Generally correct; we learn to value good models, because they are more useful than bad models. We want rewards, therefore we want to have good models, therefore we are interested in the world out there. (For a reductionist, there must be a mechanism explaining why and how we care about the world.)
Technically, sometimes the most correct model is not the most rewarded model. For example it may be better to believe a lie and be socially rewarded by members of my tribe who share the belief, than to have a true belief that gets me killed by them. There may be other situations, not necessarily social, where the perfect knowledge is out of reach, and a better approximation may be in the “valley of bad rationality”.
In other words, make an AI that only cares about what is inside the box, and it will not try to get out of the box.
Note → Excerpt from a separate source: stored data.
Lemma comp_cauchy_mirimanoff_quot_oppXadd1 : R \Po - ('X + 1) = R.
Proof.
have cC_neq0 : c%:P != 0 by rewrite polyC_eq0.
have := congr1 (comp_poly (- ('X + 1))) cm_eq.
rewrite /= comp_cauchy_mirimanoff_oppXadd1 /= ?oddM // cm_eq !comp_polyM.
by rewrite comp_Phi3_oppXadd1 comp_polyC => /(mulfI Phi3_neq0)/(mulfI cC_neq0)/esym.
Qed.

Hypothesis h_gt0 : (0 < h)%N.

Lemma coef_center_cauchy_mirimanoff_quot :
  (R * ('X + 1) ^+ (2 * h))`_(4 * h) = (R * ('X + 1) ^+ (2 * h))`_(4 * h).-1.
Proof.
set T := R * _.
have pal_cmX :
    palindromic (8 * h).+1 (cauchy_mirimanoff int (6 * h).+1 * ('X + 1) ^+ (2 * h)).
  have -> : cauchy_mirimanoff int (6 * h).+1 * ('X + 1) ^+ (2 * h) =
      ('X + 1) ^+ (8 * h).+1 - ('X + 1) ^+ (2 * h) * (1 + 'X ^+ (6 * h).+1).
    by rewrite /cauchy_mirimanoff (_ : (8 * h).+1 = (6 * h).+1 + 2 * h)%N ?exprD; [ring | lia].
  apply: palindromicB; first exact: palindromic_Xadd1_exp.
  rewrite (_ : (8 * h).+1 = 2 * h + (6 * h).+1)%N; last by lia.
  by apply: palindromicM_1addXn; rewrite ?size_Xadd1_exp; try exact: palindromic_Xadd1_exp; lia.
rewrite cm_eq -!mulrA -/T (_ : (8 * h).+1 = (8 * h).-1.+2)%N in pal_cmX; last by lia.
have size_cT : (size (c%:P * T)%R <= (8 * h).-1.+1)%N.
  rewrite size_Cmul // (leq_trans (size_polyMleq _ _)) // size_Xadd1_exp.
  by have := size_cauchy_mirimanoff_quot; rewrite -!subn1; set s := size R; lia.
have le_4h : (4 * h <= (8 * h).-1)%N by rewrite -subn1; lia.
have := palindromic_Phi3M size_cT pal_cmX le_4h.
rewrite !coefCM (_ : (8 * h).-1 - 4 * h = (4 * h).-1)%N; last by rewrite -!subn1; lia.
exact: mulfI.
Qed.

End CauchyMirimanoffQuotient.

Lemma coef_Xadd1_expM_comp_Fp p a h (r : {poly int}) :
  prime p -> (p ^ a)%N = (6 * h).+1 -> (size r <= 6 * h - 1)%N ->
  ((r * ('X + 1) ^+ (2 * h).+1)`_(4 * h) +
     ((r \Po - ('X + 1)) * ('X + 1) ^+ (2 * h))`_(4 * h).-1)%:~R = 0 :> 'F_p.
Proof.
move=> p_pr pexp_eq size_r.
rewrite -[r in r * _]coefK poly_def comp_polyE !mulr_suml !coef_sum -big_split.
rewrite rmorph_sum big1 // => j _ /=.
rewrite -!scalerAl !coefZ (exprNn ('X + 1)) -mulrA -exprD coef_signM coefXnM.
rewrite !coef_Xadd1_exp -mulrDr rmorphM rmorphD /= (fun_if (fun x : int => x%:~R)).
rewrite rmorph0 rmorphM rmorphXn rmorphN1 !rmorph_nat (bin_cancel_Fp p_pr pexp_eq) ?mulr0 //.
by have := ltn_ord j; set s := size r; lia.
Qed.

Lemma prime_dvd_coef_cauchy_mirimanoff_quot p a h (R : {poly int}) :
  prime p -> p != 3%N -> (0 < h)%N -> (p ^ a)%N = (6 * h).+1 ->
  cauchy_mirimanoff int (6 * h).+1 = Phi3 * ((p : int)%:P * R) ->
  ((p : int) %| (R * ('X + 1) ^+ (2 * h).+1)`_(4 * h))%Z.
Proof.
move=> p_pr p_neq3 h_gt0 pexp_eq cm_eq.
have p_neq0 : (p : int) != 0 by rewrite eqz_nat -lt0n prime_gt0.
have pchar_p := pchar_Fp p_pr.
have center := coef_center_cauchy_mirimanoff_quot cm_eq p_neq0 h_gt0.
set T := R * ('X + 1) ^+ (2 * h) in center.
have M_eq : (R * ('X + 1) ^+ (2 * h).+1)`_(4 * h) = T`_(4 * h).-1 *+ 2.
  rewrite exprSr mulrA mulrDr mulr1 coefD coefMX -/T center mulr2n addrC.
  by rewrite (_ : (4 * h == 0)%N = false) //; lia.
have := coef_Xadd1_expM_comp_Fp p_pr pexp_eq (size_cauchy_mirimanoff_quot cm_eq p_neq0).
rewrite (comp_cauchy_mirimanoff_quot_oppXadd1 cm_eq p_neq0) -/T M_eq -mulrSr rmorphMn /= => /eqP.
rewrite -mulr_natr mulf_eq0 -(dvdn_pcharf pchar_p) dvdn_prime2 // (negbTE p_neq3) orbF.
by rewrite (dvdz_pcharf pchar_p) rmorphMn /= => /eqP->; rewrite mul0rn.
Qed.

Lemma pexp_mod6 p a : prime p -> (p %% 3 = 1)%N -> (0 < a)%N ->
  exists2 h, (p ^ a = (6 * h).+1)%N & (0 < h)%N.
Proof.
move=> p_pr p_mod3 a_gt0.
have p_odd : odd p by case: (even_prime p_pr) p_mod3 => [->|].
have pexp_gt1 : (1 < p ^ a)%N by rewrite -{1}(expn0 p) ltn_exp2l // prime_gt1.
have pexp_mod3 : (p ^ a %% 3 = 1)%N by rewrite -modnXm p_mod3 exp1n.
have pexp_mod2 : (p ^ a %% 2 = 1)%N by rewrite modn2 oddX p_odd orbT.
by exists (p ^ a %/ 6)%N; move: pexp_gt1 pexp_mod3 pexp_mod2; set N := (p ^ a)%N; lia.
Qed.

Unset Implicit Arguments.
Local Close Scope ring_scope.

(* The upper limit (2/3)(p^a - 1) is written (2 * (p^a - 1)) %/ 3, which is
   exact since p^a = 1 (mod 3). *)
Theorem theorem1p2 (p a : nat) (hp : prime p) (hp3 : p %% 3 = 1) (ha : 0 < a) :
  p ^ 2 %| \sum_(1 <= k < ((2 * (p ^ a - 1)) %/ 3).+1) 'C(2 * k, k).
Proof.
have [h pexp_eq h_gt0] := pexp_mod6 hp hp3 ha.
have p_neq3 : p != 3 by apply/eqP => p_eq3; rewrite p_eq3 in hp3.
have -> : (2 * (p ^ a - 1)) %/ 3 = 4 * h by rewrite pexp_eq; lia.
have [R cm_eq] := Phi3_prime_dvd_cauchy_mirimanoff hp pexp_eq.
have := sum_central_bin_quot cm_eq.
have /dvdzP[k ->] := prime_dvd_coef_cauchy_mirimanoff_quot hp p_neq3 h_gt0 pexp_eq cm_eq.
rewrite big_ord_recl muln0 bin0 -natr_sum => /addrI sum_eq.
rewrite big_add1 big_mkord.
change (((p ^ 2)%N : int) %| ((\sum_(i < 4 * h) 'C(2 * lift ord0 i, lift ord0 i))%N : int))%Z.
apply/dvdzP; exists k.
by rewrite -natz sum_eq -[((p ^ 2)%N : int)]natz natrX natz; ring.
Qed.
That assumes that you will feed the AI all the necessary data, and verify that the data is correct and complete, because the AI will be just as happy with any kind of data. If you give an incorrect information to AI, the AI will not care about it, because it has no definition of “incorrect”; even in situations where AI is smarter than you and could have noticed an error that you didn’t notice. In other words, you are responsible for giving AI the correct model, and the AI will not help you with this, because AI does not care about correctness of the model.
You put it backwards.… making AI that cares about truly real stuff as the prime drive is likely impossible and certainly we don’t know how to do that nor need to. edit: i.e. You don’t have to sit and work and work and work and find how to make some positronic mind not care about the real world. You get this by simply omitting some mission-impossible work. Specifying what you want, in some form, is unavoidable.
Regarding verification, you can have the AI search for code that predicts the input data the best, and then if you are falsifying the data the code will include a model of your falsifications.